Class II features include one or more of average length of voiced
segment, average length of speaking segment, fraction of time
speaking, voicing rate, fraction speaking over, average number of
short speaking segments per minute, entropy of speaking lengths and
entropy of pause lengths.
[0014] The objective signal may be analyzed and correlated to the
clinical rating scale by providing inputs from a plurality of
models (m) and uniquely corresponding meta models (m') to a neural
network.

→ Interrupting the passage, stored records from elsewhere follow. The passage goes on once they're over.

Lemma weight_padded s : s != [::] -> 0 \notin s -> weight s = path_weight 0 (s ++ [:: 0]).
Proof. by move=> s_nil s_pos; rewrite path_weightE /weight asc_padded ?des_padded ?plat_padded. Qed.

Lemma path_weight_peak x y z s : (x < z)%N -> (y < last z s)%N ->
  path_weight x (z :: s ++ [:: y]) = q * path_weight z s * t.
Proof.
move=> lt_x_z lt_y_l; rewrite path_weight_cons path_weight_cat /path_weight /= big_seq1.
by rewrite /pair_weight lt_x_z ltnNge (ltnW lt_y_l) lt_y_l mulrA.
Qed.

Lemma weight_block x y s : s != [::] -> all (ltn x) s -> all (ltn y) s ->
  path_weight x (s ++ [:: y]) = weight s.
Proof.
case: s => [|z s] // _ /allP s_gt_x /allP s_gt_y.
have z_gt : (x < z)%N := s_gt_x z (mem_head z s).
have l_gt : (y < last z s)%N := s_gt_y _ (mem_last z s).
have z_pos := leq_ltn_trans (leq0n x) z_gt.
have l_pos := leq_ltn_trans (leq0n y) l_gt.
have s_pos : 0 \notin z :: s by apply/negP => /s_gt_x.
by rewrite weight_padded // !cat_cons !path_weight_peak.
Qed.

Lemma path_weight_pivot x a s1 s2 :
  path_weight x ((s1 ++ a :: s2) ++ [:: 0%N]) =
  path_weight x (s1 ++ [:: a]) * path_weight a (s2 ++ [:: 0%N]).
Proof. by rewrite -catA cat_cons -cat1s catA path_weight_cat last_cat. Qed.

End Weights.

Lemma avoids212P s :
  reflect (forall i j l, i < j -> j < l -> l < size s ->
             nth 0 s i = nth 0 s l -> nth 0 s i <= nth 0 s j)
          (avoids212 s).
Proof.
apply: (iffP idP) => [/allP av i j l lt_ij lt_jl lt_l eq_il | av].
  have in_s m : m <= l -> m \in iota 0 (size s) by rewrite mem_iota; lia.
  move: av => /(_ i (in_s i _))/allP/(_ j (in_s j _))/allP/(_ l (in_s l _)).
  by rewrite lt_ij lt_jl eq_il eqxx ltnNge /= negbK; apply; lia.
apply/allP => i _; apply/allP => j _; apply/allP => l; rewrite mem_iota add0n => /andP[_ lt_l].
by apply/negP => /and4P[lt_ij lt_jl /eqP eq_il]; rewrite ltnNge (av i j l).
Qed.

Section Pivot.
Variables (a : nat) (s1 s2 : seq nat).
Hypotheses (s1_gt : all (ltn a) s1) (s2_ge : all (leq a) s2).

Let s := s1 ++ a :: s2.

Let gt_a v : v \in s1 -> a < v. Proof. exact: allP s1_gt v. Qed.
Let ge_a v : v \in s2 -> a <= v. Proof. exact: allP s2_ge v. Qed.

Let nth_left i : i < size s1 -> nth 0 s i = nth 0 s1 i.
Proof. by move=> lt_i; rewrite nth_cat lt_i. Qed.

Let nth_pivot : nth 0 s (size s1) = a.
Proof. by rewrite nth_cat ltnn subnn. Qed.

Let nth_right i : nth 0 s (size s1 + i.+1) = nth 0 s2 i.
Proof. by rewrite nth_cat ltnNge leq_addr /= addKn. Qed.

Let size_s : size s = size s1 + (size s2).+1.
Proof. by rewrite size_cat. Qed.
Lemma pndvdM (b b' : int) :
  ~~ (p %| absz b)%N -> ~~ (p %| absz b')%N -> ~~ (p %| absz (b * b')%R)%N.
Proof. by move=> hb hb'; rewrite abszM Euclid_dvdM // negb_or hb hb'. Qed.

Lemma pndvd1 : ~~ (p %| 1)%N.
Proof. by rewrite dvdn1 gtn_eqF ?prime_gt1. Qed.

Lemma pexpn_neq0 n : ((p ^ n)%N%:R : rat) != 0.
Proof. by rewrite pnatr_eq0 -lt0n expn_gt0 prime_gt0. Qed.

Lemma pZ0 n : pZ p n 0.
Proof. by exists 0, 1; split; [exact: pndvd1 | rewrite mulr0 mul0r]. Qed.

Lemma pZD n r s : pZ p n r -> pZ p n s -> pZ p n (r + s).
Proof.
move=> [a [b [hb ->]]] [a' [b' [hb' ->]]].
exists (a * b' + a' * b), (b * b'); split; first exact: pndvdM.
have b0 : b%:~R != 0 :> rat by rewrite intr_eq0 pndvd_neq0.
have b0' : b'%:~R != 0 :> rat by rewrite intr_eq0 pndvd_neq0.
by rewrite !rmorphD !rmorphM /=; field; rewrite b0 b0'.
Qed.

Lemma pZN n r : pZ p n r -> pZ p n (- r).
Proof.
by move=> [a [b [hb ->]]]; exists (- a), b; rewrite rmorphN /= mulrN mulNr.
Qed.

Lemma pZ_subr_sym n r s : pZ p n (r - s) -> pZ p n (s - r).
Proof. by move=> /pZN; rewrite opprB. Qed.

Lemma pZ_subr_trans n r s t : pZ p n (r - s) -> pZ p n (s - t) -> pZ p n (r - t).
Proof. by move=> hrs hst; rewrite -(subrKA s); apply: pZD. Qed.

Lemma pZ_leq m n r : (m <= n)%N -> pZ p n r -> pZ p m r.
Proof.
move=> /subnKC eq_n [a [b [hb ->]]].
exists ((p ^ (n - m))%N%:Z * a), b; split => //.
by rewrite -{1}eq_n expnD natrM rmorphM /= -!mulrA.
Qed.

Lemma pZM n m r s : pZ p n r -> pZ p m s -> pZ p (n + m) (r * s).
Proof.
move=> [a [b [hb ->]]] [a' [b' [hb' ->]]].
exists (a * a'), (b * b'); split; first exact: pndvdM.
have b0 : b%:~R != 0 :> rat by rewrite intr_eq0 pndvd_neq0.
have b0' : b'%:~R != 0 :> rat by rewrite intr_eq0 pndvd_neq0.
by rewrite expnD natrM !rmorphM /=; field; rewrite b0 b0'.
Qed.

Lemma pZ_intr (z : int) : pZ p 0 z%:~R.
Proof. by exists z, 1; split; [exact: pndvd1 | rewrite expn0 mul1r divr1]. Qed.

Lemma pZ_natr (k : nat) : pZ p 0 k%:R.
Proof. exact: (pZ_intr k). Qed.

Lemma pZ_expn n : pZ p n (p ^ n)%N%:R.
Proof. by exists 1, 1; split; [exact: pndvd1 | rewrite mulr1 divr1]. Qed.

Lemma pZ_divX n k r : pZ p (n + k) r -> pZ p n (r / (p ^ k)%N%:R).
Proof.
move=> [a [b [hb ->]]]; exists a, b; split => //.
have b0 : b%:~R != 0 :> rat by rewrite intr_eq0 pndvd_neq0.
by rewrite expnD natrM; field; rewrite b0 pexpn_neq0.
Qed.

Lemma pZ_mull_int c n s : pZ p 0 c -> pZ p n s -> pZ p n (c * s).
Proof. exact: pZM. Qed.

Lemma pZ_mull_scaled c K n s :
  pZ p 0 (c * (p ^ K)%N%:R) -> pZ p (n + K) s -> pZ p n (c * s).
Proof.
move=> hc /pZ_divX hs; have := pZ_mull_int hc hs.
by congr pZ; field; rewrite pexpn_neq0.
Qed.

Lemma pZ_numden n r : pZ p n r <->
  r = 0 \/ ((p ^ n %| absz (numq r)) && ~~ (p %| absz (denq r)))%N.
Proof.
split=> [[a [b [hb hr]]] | [-> | /andP [hn hd]]]; last 2 first.
- exact: pZ0.
- exists (numq r %/ (p ^ n)%N%:Z)%Z, (denq r); split => //.
  have hdz : ((p ^ n)%N%:Z %| numq r)%Z by rewrite dvdzE absz_nat.
  by rewrite -[r in LHS]divq_num_den -{1}(divzK hdz) rmorphM /= [X in X / _ = _]mulrC.
have [-> | r0] := eqVneq r 0; [by left | right].
have b0 : b%:~R != 0 :> rat by rewrite intr_eq0 pndvd_neq0.
have eq_md : numq r * b = (p ^ n)%N%:Z * a * denq r.
  apply: (@intr_inj rat); rewrite !rmorphM /= numqE hr.
  by field; rewrite b0.
have eq_abs : (absz (numq r) * absz b = p ^ n * absz a * absz (denq r))%N.
  by rewrite -abszM eq_md !abszM.
apply/andP; split.
  have cop : coprime (p ^ n) (absz b) by rewrite coprimeXl // prime_coprime.
  by rewrite -(Gauss_dvdl _ cop) eq_abs -mulnA dvdn_mulr.
apply: contra hb => hd.
have cop : coprime (absz (denq r)) (absz (numq r)) by rewrite coprime_sym coprime_num_den.
have : (absz (denq r) %| absz (numq r) * absz b)%N by rewrite eq_abs dvdn_mull.
by rewrite (Gauss_dvdr _ cop) => /(dvdn_trans hd).
Qed.

Lemma denq_pfactor r : exists m j, ~~ (p %| m)%N /\ denq r = (m * p ^ j)%N%:Z.
Proof.
have dpos : (0 < absz (denq r))%N by rewrite absz_gt0 gt_eqF // denq_gt0.
have [m cop eq_d] := pfactor_coprime p_pr dpos.
exists m, (logn p (absz (denq r))); split; first by rewrite -prime_coprime.
by rewrite -eq_d gtz0_abs // denq_gt0.
Qed.

Lemma pZ_scale_int r : exists K, pZ p 0 (r * (p ^ K)%N%:R).
Proof.
have [m [j [hm eq_d]]] := denq_pfactor r.
exists j, (numq r), m; split => //.
have m0 : (m%:R : rat) != 0 by rewrite pnatr_eq0; apply: contraNneq hm => ->.
rewrite -{1}[r]divq_num_den eq_d expn0 mul1r -!pmulrn natrM.
by field; rewrite m0 pexpn_neq0.
Qed.

Lemma pZ_inv_pdenq M z : (p %| absz (denq z))%N -> pZ p 1 ((p ^ M)%N%:R / z).
Proof.
move=> hd.
have hn : ~~ (p %| absz (numq z))%N.
  apply/negP => hn; have : (p %| gcdn (absz (numq z)) (absz (denq z)))%N.
    by rewrite dvdn_gcd hn hd.
  by rewrite (eqP (coprime_num_den z)); apply/negP/pndvd1.
have n0 : (numq z)%:~R != 0 :> rat by rewrite intr_eq0 pndvd_neq0.
have [d eq_d] : exists d, denq z = (d * p)%N%:Z.
  by exists (absz (denq z) %/ p)%N; rewrite divnK // gtz0_abs.
exists ((p ^ M)%N%:Z * d%:Z), (numq z); split => //.
rewrite -[z in _ / z]divq_num_den invfM invrK eq_d rmorphM /= -!pmulrn !natrM.
by field; rewrite n0.
Qed.

Lemma pZ_inv_pnumq M z : z != 0 -> ~~ (p %| absz (denq z))%N ->
  ~~ (p ^ M %| absz (numq z))%N -> pZ p 1 ((p ^ M)%N%:R / z).
Proof.
move=> z0 hd hM.
have npos : (0 < absz (numq z))%N by rewrite absz_gt0 numq_eq0.
have [u cop eq_n] := pfactor_coprime p_pr npos.
set j := logn p (absz (numq z)) in eq_n.
have jM : (j < M)%N.
  by rewrite ltnNge; apply: contra hM => hjM; rewrite eq_n dvdn_mull // dvdn_exp2l.
have hdz : ((p ^ j)%N%:Z %| numq z)%Z by rewrite dvdzE absz_nat eq_n dvdn_mull.
set u' := (numq z %/ (p ^ j)%N%:Z)%Z.
have eq_u : numq z = u' * (p ^ j)%N%:Z by rewrite divzK.
have abs_u : absz u' = u.
  apply/eqP; rewrite -(@eqn_pmul2r (p ^ j)) ?expn_gt0 ?prime_gt0 //.
  by rewrite -eq_n eq_u abszM.
have u0 : u'%:~R != 0 :> rat.
  by rewrite intr_eq0; apply: contraTneq npos => u0; rewrite eq_u u0.
exists ((p ^ (M - j).-1)%N%:Z * denq z), u'; split.
  by rewrite abs_u -prime_coprime.
have eq_M : (p ^ M = p ^ 1 * p ^ (M - j).-1 * p ^ j)%N.
  by rewrite -!expnD add1n prednK ?subn_gt0 // subnK // ltnW.
rewrite -[z in _ / z]divq_num_den invfM invrK eq_u !rmorphM /= eq_M !natrM.
by field; rewrite u0 pexpn_neq0.
Qed.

Information for correlating the objective signal to the
clinical rating scale is generated by the neural network on the
basis of said inputs. Inputs are provided by the models (m) and
meta models (m') on the basis of voice features extracted from the
objective signal. A score on the clinical rating scale is predicted
by each model (m). A corresponding confidence rating is provided by
each meta model (m'). The confidence rating provided by each meta
model (m') may include a higher rating when the respective model
(m) is probabilistically correct, and a lower rating when the
respective model (m) is probabilistically incorrect.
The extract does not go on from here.